無選択型と引受基準緩和型の主な違いは、健康告知の有無です。

引受基準緩和型では、2~5項目程度などに限定した健康告知へ回答します。

告知がある分、無選択型より保険料を抑えられ、保障内容や終身医療保障の選択肢が多い場合があります。

また、引受基準緩和型医療保険には、契約前からの持病の悪化・再発も保障対象とする商品があります。

ただし、契約前に医師から勧められていた入院・手術などは対象外になる場合があります。

持病がある方が保険を検討するときは、次の順番で比較するのが基本です。

  1. 必要保障額と公的保障を確認する
  2. 通常の保険へ加入できるか確認する
  3. 割増保険料・部位不担保などの条件付き契約を検討する
  4. 引受基準緩和型保険を比較する
  5. 無選択型保険を比較する
  6. 預貯金や公的保障で補う方法を検討する

「持病があるから通常の保険には入れない」と自己判断する必要はありません。

同じ病名でも、現在の検査数値、最終入院・手術からの期間、治療内容、合併症の有無などによって引受結果は異なります。

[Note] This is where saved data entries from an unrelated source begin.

(* u, v, x is a basis: a relation among them would make v, or u - s v, a
   fixed vector on Fx, hence zero, and then x = [u, v] = 0; they span L by
   fixedv_sub_plane and fixedv_add_line. *)
Lemma fixed_pair_basis : x != 0 -> basis_of fullv [:: u; v; x].
Proof.
move=> x0.
have vx : v \notin <[x]>%VS.
  by apply: contra x0 => /(fixedv_line0 vf) v0; rewrite -Euv v0 br0r.
have uvx : u \notin (<[v]> + <[x]>)%VS.
  apply: contra x0 => /memv_addP [_ /vlineP [s ->] [_ /vlineP [t ->] Eu]].
  have usv : u - s *: v = 0.
    apply: (fixedv_line0 (x := x)); first by rewrite memvB ?memvZ.
    by rewrite Eu addrC addKr memvZ ?memv_line.
  by rewrite -Euv (subr0_eq usv) brZl brxx scaler0.
rewrite /basis_of free_cons free_cons seq1_free !span_cons span_nil addv0.
rewrite vx uvx x0 !andbT.
apply/eqP/subv_anti; rewrite subvf /= -fixedv_add_line addvA.
by apply: addvS; [exact: fixedv_sub_plane | exact: subvv].
Qed.

(* A fixed vector w whose brackets [w, z] stay in Fw + Fz vanishes: those
   brackets with fixed z are fixed vectors on Fx, hence zero, and then the
   Jacobi identity gives -w = [w, [u, v]] = 0. *)
Lemma fixed_plane_vector0 w : w \in fixedv x ->
  (forall z, br w z \in (<[w]> + <[z]>)%VS) -> w = 0.
Proof.
move=> wf wplane.
have brw0 z : z \in fixedv x -> br w z = 0.
  move=> zf; apply: (fixedv_line0 (x := x)); last exact: (fixedv_bracket wf zf).1.
  by apply: (subvP _ _ (wplane z)); rewrite subv_add -!memvE wf zf.
have := br_derivation w u v.
rewrite Euv (brw0 _ uf) (brw0 _ vf) br0l br0r addr0 (brC x w).
by move/fixedvP: wf => -> /eqP; rewrite oppr_eq0 => /eqP.
Qed.

End FixedPair.

Lemma iso_K_of_fixed_noncommute (Q : {vspace L}) u v :
  x \in Q -> {in Q, forall c y, br c y \in (<[c]> + <[y]>)%VS} ->
  u \in fixedv x -> v \in fixedv x -> br u v != 0 ->
  2%N \in [pchar F] /\ iso_K_with br Q.
Proof.
move=> xQ Qplane uf vf uv0.
have [/vlineP [g Eg] uv2] := fixedv_bracket uf vf.
have g0 : g != 0 by apply: contraNneq uv0 => g0; rewrite Eg g0 scale0r.
have x0 : x != 0 by apply: contraNneq uv0 => x0; rewrite Eg x0 scaler0.
have char2 : 2%N \in [pchar F].
  move: uv2; rewrite -mulr2n -scaler_nat => /eqP; rewrite scaler_eq0 (negbTE uv0) orbF.
  by rewrite inE.
have oppv (w : L) : - w = w by rewrite -scaleN1r (oppr_pchar2 char2) scale1r.
pose v' := g^-1 *: v.
have v'f : v' \in fixedv x by rewrite memvZ.
have Euv' : br u v' = x by rewrite brZr Eg scalerA mulVf ?scale1r.
split=> //; exists u, v', x; split=> //.
- exact: fixed_pair_basis.
- by move/fixedvP: v'f => Pv'; rewrite brC Pv' oppv.
- by move/fixedvP: uf => Pu; rewrite brC Pu oppv.
apply/subv_anti/andP; split; last by rewrite -memvE.
apply/subvP => y yQ.
have : y \in (fixedv x + <[x]>)%VS by rewrite fixedv_add_line memvf.
case/memv_addP => w wf [_ /vlineP [k ->] Ey].
have wQ : w \in Q by rewrite -(addrK (k *: x) w) -Ey memvB ?memvZ.
by rewrite Ey (fixed_plane_vector0 uf v'f Euv' wf (Qplane w wQ)) add0r memvZ ?memv_line.
Qed.

End FixedSpace.

End LieAlgebra.

Theorem proposition3p2 (F : fieldType) (L : vectType F) (br : L -> L -> L)
    (Hlie : is_lie_bracket br) (Q : {vspace L})
    (HQ : quasi_ideal br Q) (Hproper : Q != fullv)
    (Hmod : modular_star br Q) :
  strong_quasi_ideal br Q /\
  (strong_ideal br Q \/ almost_abelian br \/
   (2%N \in [pchar F] /\ iso_K_with br Q)).
Proof.
split; first exact: strong_quasi_ideal_of_modular.
have [SI | notSI] := classic (strong_ideal br Q); first by left.
right; have [x xQ Hx] := ad_identity_mod_line Hlie HQ Hproper Hmod notSI.
have Qplane : {in Q, forall c y, br c y \in (<[c]> + <[y]>)%VS}.
  by move=> c cQ y; apply: (bracket_in_plane Hlie HQ Hproper Hmod y cQ).
have [[u [v [uf vf uv]]] | comm] :=
  classic (exists u v, [/\ u \in fixedv Hlie x, v \in fixedv Hlie x & br u v != 0]).
  by right; apply: (iso_K_of_fixed_noncommute Hx xQ Qplane uf vf uv).
left; apply: (almost_abelian_of_fixed_commute Hx) => u v uf vf.
by apply/eqP; apply: contra_notT comm => uv; exists u, v.
Qed.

また、保険会社ごとに引受基準が異なるため、1社で断られても、別の会社では条件付きで契約できる可能性があります。

ただし、短期間に無計画な申込みを繰り返すのではなく、病名、治療期間、服薬状況、検査結果を整理し、事前査定を利用できるか確認しましょう。

無選択型医療保険を検討する場合は、契約前からの病気が対象になるか、給付削減期間や待機期間があるか、更新時に保険料が上がるかを確認します。

医療費については、高額療養費制度や傷病手当金などの公的保障も利用できます。

高額な無選択型保険料を払い続けるより、必要な保障だけに絞り、残りを預貯金で備えるほうが家計に合う場合もあります。

無選択型保険へ加入した後に健康状態が改善した場合は、通常型や引受基準緩和型へ切り替えられる可能性があります。

ただし、新しい保険の契約が成立し、保障開始日を確認する前に、現在の保険を解約してはいけません。

無選択型保険は、健康告知がないことだけで選ぶのではなく、保険料総額と実際に受け取れる保障を比較して判断することが重要です。

加入前には、病気死亡の削減期間、既往症の取扱い、更新後の保険料、解約返戻金まで確認し、家計から無理なく継続できるか検討しましょう。